D'Agosto: The clothes were amazing. I don't love to shop, but I got suits tailored for me in this show. Doctors [then] wore suits all day long, so they'd put their lab coat on [over], but the minute they'd take that off, they're in a shirt and tie and would put their suit jacket back on. So I was constantly in these beautiful, art-like artifacts.
I also drove this '55 Hudson Rambler. It has no power steering and no turn radius. It's impossible to move, but once it starts moving it's impossible to stop. It was really fun. We also walked around set where there was no plastic. Plastic is just finally being introduced after World War II. They're just starting to get it out in the real world. At this time, everything is glass and metal. So all the hospital rooms are full of glass and metal instruments.

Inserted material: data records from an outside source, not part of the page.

Lemma exists_base (u : R) : 3 / 2 <= u ->
  exists m : nat, [/\ (1 < m)%N, 6 * u * u <= INR m & ln (INR m) <= 7 * ln u].
Proof.
move=> u_ge; have [up_gt up_le] := archimed (6 * u * u).
have up_ge0 : (0 <= up (6 * u * u))%Z by apply: le_IZR; nra.
set m := Z.to_nat (up (6 * u * u)); exists m.
have m_up : INR m = IZR (up (6 * u * u)) by rewrite INR_IZR_INZ Znat.Z2Nat.id.
have u5 : 7 <= u ^ 5 by have := pow_incr (3 / 2) u 5; simpl; lra.
split; [apply/ltP/INR_lt; rewrite m_up /=; nra | lra |].
have u7 : 7 * (u * u) <= u ^ 7.
  rewrite (_ : u ^ 7 = u ^ 5 * (u * u)); last by ring.
  by apply: Rmult_le_compat_r; nra.
have -> : 7 * ln u = ln (u ^ 7) by rewrite ln_pow /=; lra.
by apply: ln_le_ln; rewrite m_up; nra.
Qed.

Lemma trunc_log_le_log2 (m n : nat) : (1 < m)%N -> (0 < n)%N ->
  INR (trunc_log m n) <= ln (INR n) / ln 2.
Proof.
move=> m_gt1 n_gt0; set k := trunc_log m n; have ln2 := ln2_gt0.
have pow_le : 2 ^ k <= INR n.
  apply: Rle_trans (leq_INR (trunc_logP m_gt1 n_gt0)); rewrite INR_expn.
  by apply: pow_incr; split; [lra | have := leq_INR m_gt1; simpl; lra].
have pow_gt0 : 0 < 2 ^ k by apply: pow_lt; lra.
have := ln_le_ln pow_gt0 pow_le; rewrite ln_pow; last lra.
exact: Rle_div_pos.
Qed.

Lemma exceptions_le (k m n : nat) (eps : R) : 0 < eps -> INR k <= / eps ->
  6 * / eps * / eps <= INR m -> INR (k * (6 * (n %/ m))) <= eps * INR n.
Proof.
move=> eps_gt0 k_le m_ge.
have q_le : INR (n %/ m) * INR m <= INR n.
  by rewrite -mult_INR; apply: leq_INR; exact: leq_trunc_div.
rewrite !mult_INR; have -> : INR 6 = 6 by simpl; lra.
set q := INR (n %/ m) in q_le *; have q_ge0 : 0 <= q by apply: pos_INR.
apply: (Rle_trans _ (/ eps * (6 * q))); first by apply: Rmult_le_compat_r; nra.
apply: (Rle_trans _ (eps * (INR m * q))); last by nra.
have -> : / eps * (6 * q) = eps * (6 * / eps * / eps * q) by field; lra.
by apply: Rmult_le_compat_l; nra.
Qed.
(* Let $k\geq 2$ be an integer and $G$ a graph. Suppose $f=u_1\dots u_{k-1}$ is a copy of $K_{k-1}$ in $G$ which is a copy of $K_{k-1}$ of two distinct $K_{k+1}$-components $C_1$ and $C_2$ of $G$. Let $uv$ and $wu_k$ be edges of $G$ such that the $k$-cliques $fu$ and $fv$ belong to $C_1$ and the $k$-cliques $fw$ and $fu_k$ belong to $C_2$. Then for each $i\in[k-1]$, the common neighbourhood $\Gamma(u_1,\dots,u_{i-1},u_{i+1},\dots,u_k,w,u,v)$ is an independent set.
   Context: A $K_{k+1}$-walk in $G$ is a sequence of copies of $K_k$ in which consecutive copies lie in a common copy of $K_{k+1}$; the endpoints are then $K_{k+1}$-connected, and the equivalence classes of copies of $K_k$ are the $K_{k+1}$-components. A copy of $K_{k-1}$ is a copy of $K_{k-1}$ of a component $C$ if it extends to a copy of $K_k$ in $C$. For a clique $f$ and vertex $x$ adjacent to all of $f$, $fx$ denotes the clique $f\cup\{x\}$. $\Gamma(x_1,\dots,x_s)$ denotes the set of common neighbours of $x_1,\dots,x_s$ in $G$. *)

From mathcomp Require Import all_boot.
Set Implicit Arguments. Unset Strict Implicit. Unset Printing Implicit Defensive.

(* A (finite simple) graph: vertex type T : finType, adjacency G : rel T,
   assumed symmetric and irreflexive in the theorem. *)

Section Cliques.
Variables (T : finType) (G : rel T).

Definition is_clique (S : {set T}) : bool :=
  [forall x in S, forall y in S, (x != y) ==> G x y].

Definition kclique (k : nat) (S : {set T}) : bool :=
  is_clique S && (#|S| == k).

Definition kstep (k : nat) (A B : {set T}) : bool :=
  [&& kclique k A, kclique k B &
      [exists K : {set T}, [&& kclique k.+1 K, A \subset K & B \subset K]]].

Definition kconn (k : nat) (A B : {set T}) : bool := connect (kstep k) A B.

(* C is a K_(k+1)-component: an equivalence class of copies of K_k *)
Definition is_kcomponent (k : nat) (C : {set {set T}}) : Prop :=
  exists2 A : {set T}, kclique k A & C = [set B | kconn k A B].

Definition clique_of_comp (k : nat) (f : {set T}) (C : {set {set T}}) : Prop :=
  kclique k.-1 f /\ exists2 x : T, kclique k (x |: f) & (x |: f) \in C.

Definition common_nbhd (S : {set T}) : {set T} :=
  [set x | [forall y in S, G x y]].

Definition independent (S : {set T}) : bool :=
  [forall x in S, forall y in S, ~~ G x y].

End Cliques.

From mathcomp Require Import all_boot.
Set Implicit Arguments. Unset Strict Implicit. Unset Printing Implicit Defensive.

(* Suppose x and y were adjacent vertices of the common neighbourhood.  Write
   f' for f minus u_i.  Starting from the k-clique fu, the three (k+1)-cliques
   fuv, f'uvx and f'uxy give a K_(k+1)-walk fu, f'uv, f'ux, f'xy; in the same
   way fw is K_(k+1)-connected to f'xy through the edge w u_k.  Hence fu and fw
   lie in the same K_(k+1)-component, contradicting C1 <> C2. *)

Section Cliques.
Variables (T : finType) (G : rel T).

Lemma is_cliqueP (S : {set T}) :
  reflect {in S &, forall p q, p != q -> G p q} (is_clique G S).
Proof.
apply: (iffP forall_inP) => [cS p q pS qS | cS p pS].
  by move: (cS p pS) => /forall_inP/(_ q qS)/implyP.
by apply/forall_inP => q qS; apply/implyP; apply: cS.
Qed.

Lemma is_cliqueS (A B : {set T}) : A \subset B -> is_clique G B -> is_clique G A.
Proof.
move=> /subsetP AB /is_cliqueP cB; apply/is_cliqueP => p q pA qA.
exact: cB (AB p pA) (AB q qA).
Qed.

Lemma common_nbhdP (S : {set T}) x :
  reflect {in S, forall y, G x y} (x \in common_nbhd G S).
Proof. by rewrite inE; apply: forall_inP. Qed.
Arguments common_nbhdP {S x}.

Lemma common_nbhdU1 (S : {set T}) a x :
  (x \in common_nbhd G (a |: S)) = G x a && (x \in common_nbhd G S).
Proof.
apply/common_nbhdP/andP => [xaS | [xa /common_nbhdP xS] y].
  by split; [apply: xaS; rewrite setU11 | apply/common_nbhdP => y yS;
    apply: xaS; rewrite setU1r].
by rewrite in_setU1 => /predU1P[-> | /xS].
Qed.

Lemma common_nbhdS (A B : {set T}) x :
  A \subset B -> x \in common_nbhd G B -> x \in common_nbhd G A.
Proof. by move=> /subsetP AB /common_nbhdP xB; apply/common_nbhdP => y /AB /xB. Qed.

Lemma clique_nbhdD1 (A : {set T}) c :
  is_clique G A -> c \in A -> c \in common_nbhd G (A :\ c).
Proof.
move=> /is_cliqueP cA cA_c; apply/common_nbhdP => y /setD1P[yc yA].
by apply: cA; rewrite // eq_sym.
Qed.

Lemma kcliqueU1_nbhd n (S : {set T}) a :
  #|S| = n -> kclique G n.+1 (a |: S) -> a \in common_nbhd G S.
Proof.
move=> cardS /andP[caS]; rewrite cardsU1 cardS.
case: (boolP (a \in S)) => [_ | aS _]; first by rewrite add0n ltn_eqF.
by rewrite -[S](setU1K aS); apply: clique_nbhdD1 caS (setU11 a S).
Qed.

Lemma kstep_sym k : symmetric (kstep G k).
Proof.
move=> A B; rewrite /kstep andbCA; congr [&& _, _ & _].
by apply/existsP/existsP => -[K /and3P[cK AK BK]]; exists K; rewrite cK AK BK.
Qed.

Hypothesis G_irrefl : irreflexive G.

Lemma common_nbhd_notin (S : {set T}) x : x \in common_nbhd G S -> x \notin S.
Proof. by move=> /common_nbhdP xS; apply/negP => /xS; rewrite G_irrefl. Qed.

Hypothesis G_sym : symmetric G.

Lemma kcliqueU1 n (S : {set T}) a :
  kclique G n S -> a \in common_nbhd G S -> kclique G n.+1 (a |: S).
Proof.
move=> /andP[/is_cliqueP cS /eqP cardS] aS.
rewrite /kclique cardsU1 (common_nbhd_notin aS) cardS eqxx andbT.
move/common_nbhdP: aS => aS; apply/is_cliqueP => p q.
rewrite !in_setU1 => /predU1P[-> | pS] /predU1P[-> | qS]; rewrite ?eqxx //.
- by move=> _; apply: aS.
- by move=> _; rewrite G_sym; apply: aS.
- exact: cS.
Qed.

Lemma kstep_swap n (R : {set T}) p q :
  kclique G n R -> p \in common_nbhd G R -> q \in common_nbhd G (p |: R) ->
  kstep G n.+1 (p |: R) (q |: R).
Proof.
move=> cR pR qpR.
have qR : q \in common_nbhd G R by apply: common_nbhdS qpR; apply: subsetUr.
have cpR := kcliqueU1 cR pR.
apply/and3P; split; [exact: cpR | exact: kcliqueU1 | apply/existsP].
exists (q |: (p |: R)); rewrite kcliqueU1 // subsetUr /=.
by apply: setUS; apply: subsetUr.
Qed.

Lemma kconn_edge_swap n (f : {set T}) c a b x y :
  kclique G n.+1 f -> c \in f ->
  a \in common_nbhd G f -> b \in common_nbhd G f -> G a b ->
  x \in common_nbhd G (a |: f :\ c) -> G x b ->
  y \in common_nbhd G (a |: f :\ c) -> G x y ->
  kconn G n.+2 (a |: f) (y |: (x |: f :\ c)).
Proof.
set S := f :\ c => cf fc af bf ab.
rewrite !common_nbhdU1 => /andP[xa xS] xb /andP[ya yS] xy.
have Sf : S \subset f by apply: subsetDl.
have cS : kclique G n S.
  case/andP: cf => /(is_cliqueS Sf) clS /eqP.
  by rewrite (cardsD1 c) fc add1n => -[cardS]; rewrite /kclique clS cardS eqxx.
have aS := common_nbhdS Sf af; have bS := common_nbhdS Sf bf.
have caS := kcliqueU1 cS aS; have cxS := kcliqueU1 cS xS.
have fE : f = c |: S by rewrite setD1K.
have ca_ba : kstep G n.+2 (c |: (a |: S)) (b |: (a |: S)).
  apply: kstep_swap => //; last by rewrite setUCA -fE common_nbhdU1 G_sym ab bf.
  by rewrite common_nbhdU1 G_sym (common_nbhdP af c fc) clique_nbhdD1 //; case/andP: cf.
have ba_xa : kstep G n.+2 (b |: (a |: S)) (x |: (a |: S)).
  apply: kstep_swap => //; first by rewrite common_nbhdU1 G_sym ab bS.
  by rewrite !common_nbhdU1 xb xa xS.
have ax_yx : kstep G n.+2 (a |: (x |: S)) (y |: (x |: S)).
  apply: kstep_swap => //; first by rewrite common_nbhdU1 G_sym xa aS.
  by rewrite !common_nbhdU1 ya G_sym xy yS.
rewrite fE setUCA; apply: connect_trans (connect1 ca_ba) _.
apply: connect_trans (connect1 ba_xa) _.
by rewrite setUCA; apply: connect1 ax_yx.
Qed.

End Cliques.

Section Components.
Variables (T : finType) (G : rel T) (k : nat).

Lemma kcomponent_kclique C (A : {set T}) :
  is_kcomponent G k C -> A \in C -> kclique G k A.
Proof.
case=> A0 cA0 ->; rewrite inE => /connectP[p walk ->] {A}.
elim: p A0 cA0 walk => //= B p IHp A0 _ /andP[/and3P[_ cB _]].
exact: IHp.
Qed.

Lemma kcomponentE C (A : {set T}) :
  is_kcomponent G k C -> A \in C -> C = [set B | kconn G k A B].
Proof.
case=> A0 _ -> {C}; rewrite inE => A0A; apply/setP => B; rewrite !inE.
exact: (same_connect (sym_connect_sym (@kstep_sym T G k)) A0A B).
Qed.

Lemma kcomponent_eq C1 C2 (A1 A2 B : {set T}) :
  is_kcomponent G k C1 -> is_kcomponent G k C2 -> A1 \in C1 -> A2 \in C2 ->
  kconn G k A1 B -> kconn G k A2 B -> C1 = C2.
Proof.
move=> compC1 compC2 A1C1 A2C2 A1B A2B.
have kstepS := sym_connect_sym (@kstep_sym T G k).
have A2C1 : A2 \in C1.
  rewrite (kcomponentE compC1 A1C1) inE; apply: connect_trans A1B _.
  by rewrite /kconn kstepS.
by rewrite (kcomponentE compC1 A2C1) (kcomponentE compC2 A2C2).
Qed.

End Components.

Theorem lemma5p2 (T : finType) (G : rel T) (k : nat) (uu : 'I_k.-1 -> T)
    (uk u v w : T) (C1 C2 : {set {set T}}) :
  symmetric G -> irreflexive G -> 2 <= k ->
  let f := [set uu j | j : 'I_k.-1] in
  kclique G k.-1 f ->
  is_kcomponent G k C1 -> is_kcomponent G k C2 -> C1 <> C2 ->
  clique_of_comp G k f C1 -> clique_of_comp G k f C2 ->
  G u v -> G w uk ->
  (u |: f) \in C1 -> (v |: f) \in C1 ->
  (w |: f) \in C2 -> (uk |: f) \in C2 ->
  forall i : 'I_k.-1,
    independent G (common_nbhd G
      ([set uu j | j : 'I_k.-1 & j != i] :|: [set uk; w; u; v])).
Proof.
case: k uu => [|[|n]] uu G_sym G_irrefl; [by [] | by [] | move=> _ f cf].
move=> compC1 compC2 C1C2 _ _ uv wuk uC1 vC1 wC2 ukC2 i.
set N := _ :|: [set uk; w; u; v]; set c := uu i.
have fc : c \in f by apply: imset_f.
have nbhd_f z C : is_kcomponent G n.+2 C -> z |: f \in C -> z \in common_nbhd G f.
  move=> compC /(kcomponent_kclique compC).
  by apply: kcliqueU1_nbhd; case/andP: cf => _ /eqP.
have nbhd_N a z : a \in [set uk; w; u; v] ->
    z \in common_nbhd G N -> z \in common_nbhd G (a |: f :\ c).
  move=> aN; apply: common_nbhdS; apply/subsetP => t.
  rewrite in_setU1 => /predU1P[-> | /setD1P[tc /imsetP[j _ tj]]];
    first by rewrite inE aN orbT.
  apply/setUP; left; apply/imsetP; exists j => //.
  by rewrite inE; apply: contraNneq tc => ji; rewrite tj ji.
have adj_N a z : a \in [set uk; w; u; v] -> z \in common_nbhd G N -> G z a.
  by move=> aN /(nbhd_N a z aN); rewrite common_nbhdU1 => /andP[].
have [uN vN wN ukN] : [/\ u \in [set uk; w; u; v], v \in [set uk; w; u; v],
    w \in [set uk; w; u; v] & uk \in [set uk; w; u; v]] by rewrite !inE !eqxx !orbT.
apply/forall_inP => x xN; apply/forall_inP => y yN; apply/negP => xy; apply: C1C2.
apply: (kcomponent_eq compC1 compC2 uC1 wC2 (B := y |: (x |: f :\ c))).
  apply: kconn_edge_swap (nbhd_N _ _ uN xN) (adj_N _ _ vN xN) (nbhd_N _ _ uN yN) xy;
    by rewrite // (nbhd_f _ C1).
apply: kconn_edge_swap (nbhd_N _ _ wN xN) (adj_N _ _ ukN xN) (nbhd_N _ _ wN yN) xy;
  by rewrite // (nbhd_f _ C2).
Qed.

It's just fascinating to see that world.
And also, the show is fascinating because it wasn't really that long ago.
D'Agosto: I think that's the heart of this show. This is something that my parents' generation experienced while they were young. This was influencing them. We are one or two generations removed from how important the study was of what these people were doing, how they affect our everyday life. You look at how sex is talked about today, with the ease which we talk about things, with the way information is shared about how to do it: What to do, what people like. All of that is so hidden at this time period. It was just 60 years ago. It's fascinating.
Do you feel that this show is continuing the dialogue that Masters and Johnson started?
D'Agosto: In my heart of hearts I hope it creates a dialogue, that there will be somebody who watches this and feels more comfortable with whatever they're feeling because they're watching how people in the '50s were dealing with this sort of thing. It's comforting to watch someone in this time period pinpointing these problems and that I'm benefiting from all that. The vast majority of us have a much healthier life because of what Masters and Johnson did.
Masters of Sex airs Sundays at 10/9c on Showtime.